As mentioned generally before, the aerogel is formed from a depolymerizable precursor and a non-depolymerizable precursor. At least one of the types of precursors is a monomeric component, where a “monomeric” component comprises monomers, short polymers, and, or crosslinkers. In some embodiments, one of the types of precursors is a monomer and the other is a prepolymer already polymerized but contains a chemical functionality that allows it to bond to the polymer resulting from the monomer precursor. The precursor that is a monomer could be either the depolymerizable precursor or the non-depolymerizable precursor. In this embodiment, polymerization refers to the transformation of the monomers and precursor prepolymers into a single multiphasic gel.

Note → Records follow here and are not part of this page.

(* Let $F$ be a diagonal free self-map of $\mathbb{T}^n$. Then $\mathcal{S}(F)$ contains a Hilbert ball $B_H(z,r)$ with $z\in\mathbb{R}^n$ and $r>0$ if and only if $\underline{\mathrm{cw}}(F)>0$. Moreover, in that case, \[ \sup\{r\ge 0 : \exists z\in\mathbb{R}^n,\ B_H(z,r)\subseteq\mathcal{S}(F)\} = \underline{\mathrm{cw}}(F). \]
   Context: $\mathbb{T}=\mathbb{R}\cup\{-\infty\}$, ordered entrywise on $\mathbb{T}^n$. A self-map $F$ of $\mathbb{T}^n$ is order-preserving if $x\le y\Rightarrow F(x)\le F(y)$, and additively homogeneous if $F(\lambda+x)=\lambda+F(x)$ for all $\lambda\in\mathbb{T}$, $x\in\mathbb{T}^n$. An order-preserving, additively homogeneous self-map $F$ of $\mathbb{T}^n$ is diagonal free if for every $i$ and all $x,y\in\mathbb{R}^n$ with $x_j=y_j$ for all $j\ne i$, $F_i(x)=F_i(y)$. $\mathbf{t}(x)=\max_i x_i$, $\mathbf{b}(x)=\min_i x_i$, $\|x\|_H=\mathbf{t}(x)-\mathbf{b}(x)$ on $\mathbb{R}^n$, $B_H(z,r)=\{x\in\mathbb{R}^n: \|x-z\|_H\le r\}$. $\mathcal{S}(F)=\{x\in\mathbb{T}^n: x\le F(x)\}$. The lower Collatz–Wielandt number is $\underline{\mathrm{cw}}(F)=\sup\{\mu\in\mathbb{R}: \exists z\in\mathbb{R}^n,\ F(z)\ge\mu+z\}$. *)

From Stdlib Require Import Reals Lra List Arith.
Import ListNotations.
Open Scope R_scope.

(** T = R ∪ {-∞}, encoded as [option R] with [None] = -∞. *)
Definition Tt := option R.

Definition leT (a b : Tt) : Prop :=
  match a, b with
  | None, _ => True
  | Some _, None => False
  | Some x, Some y => x <= y
  end.

Definition addT (a b : Tt) : Tt :=
  match a, b with
  | Some x, Some y => Some (x + y)
  | _, _ => None
  end.

Definition idx (n : nat) := {i : nat | (i < n)%nat}.

Definition vecT (n : nat) := idx n -> Tt.
Definition vecR (n : nat) := idx n -> R.

Definition leTv {n} (x y : vecT n) : Prop := forall i, leT (x i) (y i).

Definition embed {n} (x : vecR n) : vecT n := fun i => Some (x i).

Definition order_preserving {n} (F : vecT n -> vecT n) : Prop :=
  forall x y, leTv x y -> leTv (F x) (F y).

Definition add_homogeneous {n} (F : vecT n -> vecT n) : Prop :=
  forall (lam : Tt) (x : vecT n) (i : idx n),
    F (fun j => addT lam (x j)) i = addT lam (F x i).

Definition diagonal_free {n} (F : vecT n -> vecT n) : Prop :=
  order_preserving F /\ add_homogeneous F /\
  forall (i : idx n) (x y : vecR n),
    (forall j, j <> i -> x j = y j) -> F (embed x) i = F (embed y) i.

Definition extv {n} (x : vecR n) (k : nat) : R :=
  match Compare_dec.lt_dec k n with
  | left h => x (exist _ k h)
  | right _ => 0
  end.

(** t(x) = max_i x_i, b(x) = min_i x_i (meaningful for n >= 1). *)
Definition topv {n} (x : vecR n) : R :=
  fold_right Rmax (extv x 0) (map (extv x) (seq 0 n)).
Definition botv {n} (x : vecR n) : R :=
  fold_right Rmin (extv x 0) (map (extv x) (seq 0 n)).

Definition hnorm {n} (x : vecR n) : R := topv x - botv x.

Definition hball {n} (z : vecR n) (r : R) (x : vecR n) : Prop :=
  hnorm (fun i => x i - z i) <= r.

Definition Sset {n} (F : vecT n -> vecT n) (x : vecT n) : Prop := leTv x (F x).

Definition ball_in_S {n} (F : vecT n -> vecT n) (z : vecR n) (r : R) : Prop :=
  forall x : vecR n, hball z r x -> Sset F (embed x).

Inductive ER := Fin (r : R) | PInf | MInf.

Definition ER_le (a b : ER) : Prop :=
  match a, b with
  | MInf, _ => True
  | _, PInf => True
  | Fin x, Fin y => x <= y
  | _, _ => False
  end.

Definition ER_lt (a b : ER) : Prop := ER_le a b /\ a <> b.

Definition is_sup (A : R -> Prop) (s : ER) : Prop :=
  (forall a, A a -> ER_le (Fin a) s) /\
  (forall u : ER, (forall a, A a -> ER_le (Fin a) u) -> ER_le s u).

Definition is_lower_cw {n} (F : vecT n -> vecT n) (c : ER) : Prop :=
  is_sup (fun mu => exists z : vecR n,
            leTv (embed (fun i => mu + z i)) (F (embed z))) c.

(* Since F is order preserving, additively homogeneous and diagonal free, a
   Hilbert ball B_H(z, r) with r >= 0 lies in S(F) exactly when F(z) >= r + z:
   every x in the ball satisfies b + z <= x <= b + r + z with b = min (x - z),
   whence F(x)_i >= b + F(z)_i >= b + r + z_i >= x_i; conversely the point
   z + r e_i lies in the ball, and diagonal freeness gives F(z + r e_i)_i = F(z)_i.
   So the admissible radii are the nonnegative elements of the set whose
   supremum is the lower Collatz-Wielandt number, and both claims are facts
   about suprema. *)
From Stdlib Require Import Reals Lra Lia List Arith Classical_Prop.
Open Scope R_scope.

Lemma idx_eq {n} (i j : idx n) : proj1_sig i = proj1_sig j -> i = j.
Proof.
  destruct i as [i hi], j as [j hj]; simpl; intros ->.
  f_equal; apply le_unique.
Qed.

Lemma extv_idx {n} (d : vecR n) (i : idx n) : extv d (proj1_sig i) = d i.
Proof.
  unfold extv; destruct (Compare_dec.lt_dec (proj1_sig i) n) as [h|h].
  - f_equal; apply idx_eq; reflexivity.
  - destruct i; simpl in *; lia.
Qed.

Lemma in_map_extv {n} (d : vecR n) y :
  In y (map (extv d) (seq 0 n)) -> exists i : idx n, y = d i.
Proof.
  intros H; apply in_map_iff in H; destruct H as [k [<- Hk]].
  apply in_seq in Hk.
  assert (hk : (k < n)%nat) by lia.
  exists (exist _ k hk); rewrite <- extv_idx; reflexivity.
Qed.

Lemma fold_Rmax_le l a b :
  a <= b -> (forall y, In y l -> y <= b) -> fold_right Rmax a l <= b.
Proof. induction l; simpl; intros; auto; apply Rmax_lub; auto. Qed.

Lemma fold_Rmin_ge l a b :
  b <= a -> (forall y, In y l -> b <= y) -> b <= fold_right Rmin a l.
Proof. induction l; simpl; intros; auto; apply Rmin_glb; auto. Qed.

Lemma le_fold_Rmax l a y : In y l -> y <= fold_right Rmax a l.
Proof.
  induction l; simpl; intros H; [contradiction|].
  destruct H as [<-|H]; [apply Rmax_l|].
  eapply Rle_trans; [apply IHl; auto | apply Rmax_r].
Qed.

Lemma fold_Rmin_le l a y : In y l -> fold_right Rmin a l <= y.
Proof.
  induction l; simpl; intros H; [contradiction|].
  destruct H as [<-|H]; [apply Rmin_l|].
  eapply Rle_trans; [apply Rmin_r | apply IHl; auto].
Qed.

Lemma botv_le_le_topv {n} (d : vecR n) (i : idx n) : botv d <= d i <= topv d.
Proof.
  assert (Hin : In (d i) (map (extv d) (seq 0 n))).
  { rewrite <- extv_idx; apply in_map, in_seq; destruct i; simpl; lia. }
  split; [apply fold_Rmin_le | apply le_fold_Rmax]; auto.
Qed.

Lemma hnorm_le_of_bounds {n} (d : vecR n) lo hi :
  lo <= hi -> (forall i, lo <= d i <= hi) -> hnorm d <= hi - lo.
Proof.
  intros Hlh H; unfold hnorm, topv, botv.
  destruct n as [|n]; [simpl; lra|].
  assert (h0 : (0 < S n)%nat) by lia.
  assert (E : extv d 0 = d (exist _ 0%nat h0)) by (rewrite <- extv_idx; reflexivity).
  assert (Hmax : fold_right Rmax (extv d 0) (map (extv d) (seq 0 (S n))) <= hi).
  { apply fold_Rmax_le; [rewrite E; apply H|].
    intros y Hy; destruct (in_map_extv d y Hy) as [i ->]; apply H. }
  assert (Hmin : lo <= fold_right Rmin (extv d 0) (map (extv d) (seq 0 (S n)))).
  { apply fold_Rmin_ge; [rewrite E; apply H|].
    intros y Hy; destruct (in_map_extv d y Hy) as [i ->]; apply H. }
  lra.
Qed.

Definition cw_certificate {n} (F : vecT n -> vecT n) (mu : R) (z : vecR n) : Prop :=
  leTv (embed (fun i => mu + z i)) (F (embed z)).

Section BallsInS.

Variables (n : nat) (F : vecT n -> vecT n).
Hypothesis HF : diagonal_free F.

Lemma cw_certificate_ball_in_S z r :
  cw_certificate F r z -> ball_in_S F z r.
Proof.
  destruct HF as [Hop [Hhom _]].
  intros Hz x Hx i.
  set (d := fun j => x j - z j); set (b := botv d).
  assert (Hd : forall j, b <= d j <= b + r).
  { intros j; destruct (botv_le_le_topv d j); unfold hball, hnorm in Hx; fold d in Hx; unfold b; lra. }
  assert (Hle : leTv (fun j => addT (Some b) (embed z j)) (embed x)).
  { intros j; simpl; specialize (Hd j); unfold d in Hd; lra. }
  specialize (Hop _ _ Hle i); rewrite Hhom in Hop.
  specialize (Hz i); specialize (Hd i); unfold d, cw_certificate, embed in *; simpl in *.
  destruct (F (fun j => Some (z j)) i) as [w|]; simpl in *; [|contradiction].
  destruct (F (fun j => Some (x j)) i) as [v|]; simpl in *; [lra|contradiction].
Qed.

Lemma ball_in_S_cw_certificate z r :
  r >= 0 -> ball_in_S F z r -> cw_certificate F r z.
Proof.
  destruct HF as [_ [_ Hdiag]].
  intros Hr Hball i.
  set (bump := fun j : idx n =>
         z j + if Nat.eq_dec (proj1_sig j) (proj1_sig i) then r else 0).
  assert (Hbump : hball z r bump).
  { unfold hball; apply Rle_trans with (r - 0); [|lra].
    apply hnorm_le_of_bounds; [lra|].
    intros j; unfold bump; destruct (Nat.eq_dec (proj1_sig j) (proj1_sig i)); lra. }
  specialize (Hball bump Hbump i).
  rewrite (Hdiag i bump z) in Hball.
  - unfold bump, cw_certificate, embed in *.
    destruct (F (fun j => Some (z j)) i); simpl in *; [|contradiction].
    destruct (Nat.eq_dec (proj1_sig i) (proj1_sig i)); [lra | congruence].
  - intros j Hj; unfold bump; destruct (Nat.eq_dec (proj1_sig j) (proj1_sig i)) as [e|].
    + exfalso; apply Hj, idx_eq, e.
    + lra.
Qed.

Lemma ball_in_S_iff z r :
  r >= 0 -> (ball_in_S F z r <-> cw_certificate F r z).
Proof.
  intros Hr; split; [apply ball_in_S_cw_certificate; exact Hr | apply cw_certificate_ball_in_S].
Qed.

End BallsInS.

Lemma ER_le_trans a b c : ER_le a b -> ER_le b c -> ER_le a c.
Proof. destruct a, b, c; simpl; intros; try lra; auto; contradiction. Qed.

Lemma ER_le_antisym a b : ER_le a b -> ER_le b a -> a = b.
Proof. destruct a, b; simpl; intros; try contradiction; auto; f_equal; lra. Qed.

Lemma is_sup_ext (A B : R -> Prop) s :
  (forall a, A a <-> B a) -> is_sup A s -> is_sup B s.
Proof.
  intros HAB [Hub Hlub]; split.
  - intros a Ha; apply Hub, HAB, Ha.
  - intros u Hu; apply Hlub; intros a Ha; apply Hu, HAB, Ha.
Qed.

Lemma is_sup_pos_iff (A : R -> Prop) s :
  is_sup A s -> (ER_lt (Fin 0) s <-> exists a, A a /\ a > 0).
Proof.
  intros [Hub Hlub]; split.
  - intros [H0 Hne].
    apply NNPP; intros Hno; apply Hne, ER_le_antisym; [exact H0|].
    apply Hlub; intros a Ha; simpl.
    apply Rnot_gt_le; intros Hpos; apply Hno; exists a; auto.
  - intros [a [Ha Hpos]]; specialize (Hub a Ha); split.
    + eapply ER_le_trans; [|exact Hub]; simpl; lra.
    + intros <-; simpl in Hub; lra.
Qed.

(* Negative elements are dominated by a positive one, so they do not matter. *)
Lemma is_sup_nonneg_part (A : R -> Prop) s :
  is_sup A s -> ER_lt (Fin 0) s -> is_sup (fun a => a >= 0 /\ A a) s.
Proof.
  intros Hs Hpos; pose proof Hs as [Hub Hlub]; split.
  - intros a [_ Ha]; apply Hub, Ha.
  - intros u Hu; apply Hlub; intros a Ha.
    destruct (Rle_dec 0 a) as [Hnn|Hneg]; [apply Hu; split; [lra | exact Ha]|].
    destruct (proj1 (is_sup_pos_iff A s Hs) Hpos) as [a0 [Ha0 Ha0pos]].
    apply ER_le_trans with (Fin a0); [simpl; lra|].
    apply Hu; split; [lra | exact Ha0].
Qed.

Theorem mainTheorem6 (n : nat) (F : vecT n -> vecT n) (c : ER) :
  diagonal_free F ->
  is_lower_cw F c ->
  ((exists (z : vecR n) (r : R), r > 0 /\ ball_in_S F z r) <-> ER_lt (Fin 0) c) /\
  (ER_lt (Fin 0) c ->
     is_sup (fun r => r >= 0 /\ exists z : vecR n, ball_in_S F z r) c).
Proof.
  intros HF Hcw.
  set (Cert := fun mu => exists z : vecR n, cw_certificate F mu z).
  assert (Hradii : forall r, r >= 0 ->
            ((exists z, ball_in_S F z r) <-> Cert r)).
  { intros r Hr; split; intros [z Hz]; exists z; apply (ball_in_S_iff n F HF z r Hr), Hz. }
  split.
  - rewrite (is_sup_pos_iff Cert c Hcw); split.
    + intros [z [r [Hr Hz]]]; exists r; split; [apply Hradii; [lra | eauto] | exact Hr].
    + intros [r [Hr Hpos]]; destruct (proj2 (Hradii r ltac:(lra)) Hr) as [z Hz]; eauto.
  - intros Hpos; apply is_sup_ext with (A := fun r => r >= 0 /\ Cert r).
    + intros r; split; intros [Hr H]; split; auto; apply (Hradii r Hr), H.
    + apply is_sup_nonneg_part; assumption.
Qed.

In some embodiments, the domain that is not depolymerized contains both a monomer and a crosslinker. The percentage of crosslinker in this domain can be between 0 and 100%. Generally, aerogels with less crosslinker are tougher materials less prone to mechanical failure, while materials with more crosslinkers are more rigid and more likely to retain porosity after depolymerization of the other domain or domains. The amount of crosslinker can be tuned to match the needs of specific applications. Crosslinking chemistries comprise difunctional or multifunctional methacrylates, acrylates, amines, anhydrides, azide compounds, divinylbenzene, 1,6-hexanediol dimethacrylate, and 1,6-hexanedioldiacrylate.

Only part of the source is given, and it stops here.